Description of the task >>
Return the records in full, with every character preserved.

Materials provided >>
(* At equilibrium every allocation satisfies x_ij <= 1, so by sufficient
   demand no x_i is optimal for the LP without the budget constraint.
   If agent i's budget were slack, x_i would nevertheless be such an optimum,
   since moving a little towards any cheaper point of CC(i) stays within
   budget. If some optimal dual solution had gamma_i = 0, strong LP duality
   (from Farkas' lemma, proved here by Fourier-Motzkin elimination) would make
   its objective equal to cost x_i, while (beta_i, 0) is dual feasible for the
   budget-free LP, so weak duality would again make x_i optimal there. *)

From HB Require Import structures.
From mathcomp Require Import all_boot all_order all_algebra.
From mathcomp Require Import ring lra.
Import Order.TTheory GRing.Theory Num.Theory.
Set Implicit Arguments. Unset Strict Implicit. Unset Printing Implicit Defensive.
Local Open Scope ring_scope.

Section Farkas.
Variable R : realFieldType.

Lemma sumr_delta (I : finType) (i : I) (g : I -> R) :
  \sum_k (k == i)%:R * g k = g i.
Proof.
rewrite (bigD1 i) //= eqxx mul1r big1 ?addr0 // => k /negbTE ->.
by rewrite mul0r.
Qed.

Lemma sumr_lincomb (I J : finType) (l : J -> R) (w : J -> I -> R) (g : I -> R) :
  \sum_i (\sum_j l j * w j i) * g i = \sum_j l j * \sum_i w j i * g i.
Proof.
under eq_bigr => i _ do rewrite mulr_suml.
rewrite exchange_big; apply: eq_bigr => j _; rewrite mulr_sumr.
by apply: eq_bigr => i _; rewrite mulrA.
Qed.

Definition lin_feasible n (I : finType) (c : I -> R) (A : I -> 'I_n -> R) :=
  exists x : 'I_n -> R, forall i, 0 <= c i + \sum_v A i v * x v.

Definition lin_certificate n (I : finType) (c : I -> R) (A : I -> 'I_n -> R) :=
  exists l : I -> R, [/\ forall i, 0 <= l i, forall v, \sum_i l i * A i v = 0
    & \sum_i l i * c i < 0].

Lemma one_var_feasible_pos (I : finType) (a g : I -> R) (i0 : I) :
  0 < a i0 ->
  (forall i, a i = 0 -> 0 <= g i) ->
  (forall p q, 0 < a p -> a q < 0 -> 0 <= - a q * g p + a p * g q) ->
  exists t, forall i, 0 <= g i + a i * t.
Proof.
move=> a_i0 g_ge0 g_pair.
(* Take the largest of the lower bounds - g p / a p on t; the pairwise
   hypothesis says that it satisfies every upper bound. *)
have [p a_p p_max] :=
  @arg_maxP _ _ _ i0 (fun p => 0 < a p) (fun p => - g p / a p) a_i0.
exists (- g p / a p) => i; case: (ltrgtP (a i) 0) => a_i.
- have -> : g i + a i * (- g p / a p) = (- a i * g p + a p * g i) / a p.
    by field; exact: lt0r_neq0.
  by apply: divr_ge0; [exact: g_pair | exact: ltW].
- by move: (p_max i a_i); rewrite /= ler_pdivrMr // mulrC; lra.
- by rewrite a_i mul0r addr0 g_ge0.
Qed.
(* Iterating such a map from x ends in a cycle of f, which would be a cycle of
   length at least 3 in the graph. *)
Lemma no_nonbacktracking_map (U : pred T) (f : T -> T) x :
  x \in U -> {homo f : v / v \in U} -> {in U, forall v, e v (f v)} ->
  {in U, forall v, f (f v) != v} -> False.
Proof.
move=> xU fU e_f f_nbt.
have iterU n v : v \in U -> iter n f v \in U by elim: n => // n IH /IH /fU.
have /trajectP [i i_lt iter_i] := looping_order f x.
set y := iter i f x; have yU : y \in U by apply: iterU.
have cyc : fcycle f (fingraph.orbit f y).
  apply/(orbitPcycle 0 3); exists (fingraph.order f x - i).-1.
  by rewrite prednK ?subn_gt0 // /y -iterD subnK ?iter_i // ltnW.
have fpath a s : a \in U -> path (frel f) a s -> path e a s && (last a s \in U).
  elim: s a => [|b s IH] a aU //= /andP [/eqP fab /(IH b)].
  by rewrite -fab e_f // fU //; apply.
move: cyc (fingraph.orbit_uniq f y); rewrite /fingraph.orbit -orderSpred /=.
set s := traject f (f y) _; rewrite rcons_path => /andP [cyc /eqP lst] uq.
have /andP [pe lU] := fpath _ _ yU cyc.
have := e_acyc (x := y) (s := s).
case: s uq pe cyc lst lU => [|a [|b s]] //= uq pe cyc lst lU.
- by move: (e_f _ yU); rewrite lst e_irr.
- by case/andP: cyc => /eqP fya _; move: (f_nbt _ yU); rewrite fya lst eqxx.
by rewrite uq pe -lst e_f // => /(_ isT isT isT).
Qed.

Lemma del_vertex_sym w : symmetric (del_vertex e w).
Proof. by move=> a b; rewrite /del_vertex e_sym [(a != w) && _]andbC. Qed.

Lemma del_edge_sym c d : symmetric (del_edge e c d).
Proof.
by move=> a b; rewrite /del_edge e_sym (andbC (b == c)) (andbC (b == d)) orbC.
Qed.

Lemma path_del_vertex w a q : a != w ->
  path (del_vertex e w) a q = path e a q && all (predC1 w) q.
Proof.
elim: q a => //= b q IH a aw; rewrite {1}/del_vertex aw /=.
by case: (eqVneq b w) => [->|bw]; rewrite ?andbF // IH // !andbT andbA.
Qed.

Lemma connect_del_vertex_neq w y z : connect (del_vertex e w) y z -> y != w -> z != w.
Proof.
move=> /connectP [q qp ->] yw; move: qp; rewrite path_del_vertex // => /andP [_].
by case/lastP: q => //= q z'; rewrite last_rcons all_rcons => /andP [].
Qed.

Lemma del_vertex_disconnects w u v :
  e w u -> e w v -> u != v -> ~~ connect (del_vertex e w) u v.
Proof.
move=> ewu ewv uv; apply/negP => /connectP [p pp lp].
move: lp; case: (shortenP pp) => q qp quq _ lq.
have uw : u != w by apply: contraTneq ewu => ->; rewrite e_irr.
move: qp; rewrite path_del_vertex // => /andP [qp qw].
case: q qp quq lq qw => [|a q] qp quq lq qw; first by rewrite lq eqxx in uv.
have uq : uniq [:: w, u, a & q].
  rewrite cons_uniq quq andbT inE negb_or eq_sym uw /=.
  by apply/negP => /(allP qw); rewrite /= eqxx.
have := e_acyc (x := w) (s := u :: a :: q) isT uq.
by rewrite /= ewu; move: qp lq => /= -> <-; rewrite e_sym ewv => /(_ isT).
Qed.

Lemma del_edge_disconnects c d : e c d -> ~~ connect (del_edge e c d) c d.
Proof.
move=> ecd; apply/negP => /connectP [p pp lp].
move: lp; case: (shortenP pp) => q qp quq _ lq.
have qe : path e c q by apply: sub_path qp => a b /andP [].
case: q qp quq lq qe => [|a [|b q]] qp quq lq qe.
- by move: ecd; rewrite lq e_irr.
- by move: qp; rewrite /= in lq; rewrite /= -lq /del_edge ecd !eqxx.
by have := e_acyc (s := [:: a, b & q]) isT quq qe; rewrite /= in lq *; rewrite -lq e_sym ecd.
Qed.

Answer for this exercise >>
(* At equilibrium every allocation satisfies x_ij <= 1, so by sufficient
   demand no x_i is optimal for the LP without the budget constraint.
   If agent i's budget were slack, x_i would nevertheless be such an optimum,
   since moving a little towards any cheaper point of CC(i) stays within
   budget. If some optimal dual solution had gamma_i = 0, strong LP duality
   (from Farkas' lemma, proved here by Fourier-Motzkin elimination) would make
   its objective equal to cost x_i, while (beta_i, 0) is dual feasible for the
   budget-free LP, so weak duality would again make x_i optimal there. *)

From HB Require Import structures.
From mathcomp Require Import all_boot all_order all_algebra.
From mathcomp Require Import ring lra.
Import Order.TTheory GRing.Theory Num.Theory.
Set Implicit Arguments. Unset Strict Implicit. Unset Printing Implicit Defensive.
Local Open Scope ring_scope.

Section Farkas.
Variable R : realFieldType.

Lemma sumr_delta (I : finType) (i : I) (g : I -> R) :
  \sum_k (k == i)%:R * g k = g i.
Proof.
rewrite (bigD1 i) //= eqxx mul1r big1 ?addr0 // => k /negbTE ->.
by rewrite mul0r.
Qed.

Lemma sumr_lincomb (I J : finType) (l : J -> R) (w : J -> I -> R) (g : I -> R) :
  \sum_i (\sum_j l j * w j i) * g i = \sum_j l j * \sum_i w j i * g i.
Proof.
under eq_bigr => i _ do rewrite mulr_suml.
rewrite exchange_big; apply: eq_bigr => j _; rewrite mulr_sumr.
by apply: eq_bigr => i _; rewrite mulrA.
Qed.

Definition lin_feasible n (I : finType) (c : I -> R) (A : I -> 'I_n -> R) :=
  exists x : 'I_n -> R, forall i, 0 <= c i + \sum_v A i v * x v.

Definition lin_certificate n (I : finType) (c : I -> R) (A : I -> 'I_n -> R) :=
  exists l : I -> R, [/\ forall i, 0 <= l i, forall v, \sum_i l i * A i v = 0
    & \sum_i l i * c i < 0].

Lemma one_var_feasible_pos (I : finType) (a g : I -> R) (i0 : I) :
  0 < a i0 ->
  (forall i, a i = 0 -> 0 <= g i) ->
  (forall p q, 0 < a p -> a q < 0 -> 0 <= - a q * g p + a p * g q) ->
  exists t, forall i, 0 <= g i + a i * t.
Proof.
move=> a_i0 g_ge0 g_pair.
(* Take the largest of the lower bounds - g p / a p on t; the pairwise
   hypothesis says that it satisfies every upper bound. *)
have [p a_p p_max] :=
  @arg_maxP _ _ _ i0 (fun p => 0 < a p) (fun p => - g p / a p) a_i0.
exists (- g p / a p) => i; case: (ltrgtP (a i) 0) => a_i.
- have -> : g i + a i * (- g p / a p) = (- a i * g p + a p * g i) / a p.
    by field; exact: lt0r_neq0.
  by apply: divr_ge0; [exact: g_pair | exact: ltW].
- by move: (p_max i a_i); rewrite /= ler_pdivrMr // mulrC; lra.
- by rewrite a_i mul0r addr0 g_ge0.
Qed.
(* Iterating such a map from x ends in a cycle of f, which would be a cycle of
   length at least 3 in the graph. *)
Lemma no_nonbacktracking_map (U : pred T) (f : T -> T) x :
  x \in U -> {homo f : v / v \in U} -> {in U, forall v, e v (f v)} ->
  {in U, forall v, f (f v) != v} -> False.
Proof.
move=> xU fU e_f f_nbt.
have iterU n v : v \in U -> iter n f v \in U by elim: n => // n IH /IH /fU.
have /trajectP [i i_lt iter_i] := looping_order f x.
set y := iter i f x; have yU : y \in U by apply: iterU.
have cyc : fcycle f (fingraph.orbit f y).
  apply/(orbitPcycle 0 3); exists (fingraph.order f x - i).-1.
  by rewrite prednK ?subn_gt0 // /y -iterD subnK ?iter_i // ltnW.
have fpath a s : a \in U -> path (frel f) a s -> path e a s && (last a s \in U).
  elim: s a => [|b s IH] a aU //= /andP [/eqP fab /(IH b)].
  by rewrite -fab e_f // fU //; apply.
move: cyc (fingraph.orbit_uniq f y); rewrite /fingraph.orbit -orderSpred /=.
set s := traject f (f y) _; rewrite rcons_path => /andP [cyc /eqP lst] uq.
have /andP [pe lU] := fpath _ _ yU cyc.
have := e_acyc (x := y) (s := s).
case: s uq pe cyc lst lU => [|a [|b s]] //= uq pe cyc lst lU.
- by move: (e_f _ yU); rewrite lst e_irr.
- by case/andP: cyc => /eqP fya _; move: (f_nbt _ yU); rewrite fya lst eqxx.
by rewrite uq pe -lst e_f // => /(_ isT isT isT).
Qed.

Lemma del_vertex_sym w : symmetric (del_vertex e w).
Proof. by move=> a b; rewrite /del_vertex e_sym [(a != w) && _]andbC. Qed.

Lemma del_edge_sym c d : symmetric (del_edge e c d).
Proof.
by move=> a b; rewrite /del_edge e_sym (andbC (b == c)) (andbC (b == d)) orbC.
Qed.

Lemma path_del_vertex w a q : a != w ->
  path (del_vertex e w) a q = path e a q && all (predC1 w) q.
Proof.
elim: q a => //= b q IH a aw; rewrite {1}/del_vertex aw /=.
by case: (eqVneq b w) => [->|bw]; rewrite ?andbF // IH // !andbT andbA.
Qed.

Lemma connect_del_vertex_neq w y z : connect (del_vertex e w) y z -> y != w -> z != w.
Proof.
move=> /connectP [q qp ->] yw; move: qp; rewrite path_del_vertex // => /andP [_].
by case/lastP: q => //= q z'; rewrite last_rcons all_rcons => /andP [].
Qed.

Lemma del_vertex_disconnects w u v :
  e w u -> e w v -> u != v -> ~~ connect (del_vertex e w) u v.
Proof.
move=> ewu ewv uv; apply/negP => /connectP [p pp lp].
move: lp; case: (shortenP pp) => q qp quq _ lq.
have uw : u != w by apply: contraTneq ewu => ->; rewrite e_irr.
move: qp; rewrite path_del_vertex // => /andP [qp qw].
case: q qp quq lq qw => [|a q] qp quq lq qw; first by rewrite lq eqxx in uv.
have uq : uniq [:: w, u, a & q].
  rewrite cons_uniq quq andbT inE negb_or eq_sym uw /=.
  by apply/negP => /(allP qw); rewrite /= eqxx.
have := e_acyc (x := w) (s := u :: a :: q) isT uq.
by rewrite /= ewu; move: qp lq => /= -> <-; rewrite e_sym ewv => /(_ isT).
Qed.

Lemma del_edge_disconnects c d : e c d -> ~~ connect (del_edge e c d) c d.
Proof.
move=> ecd; apply/negP => /connectP [p pp lp].
move: lp; case: (shortenP pp) => q qp quq _ lq.
have qe : path e c q by apply: sub_path qp => a b /andP [].
case: q qp quq lq qe => [|a [|b q]] qp quq lq qe.
- by move: ecd; rewrite lq e_irr.
- by move: qp; rewrite /= in lq; rewrite /= -lq /del_edge ecd !eqxx.
by have := e_acyc (s := [:: a, b & q]) isT quq qe; rewrite /= in lq *; rewrite -lq e_sym ecd.
Qed.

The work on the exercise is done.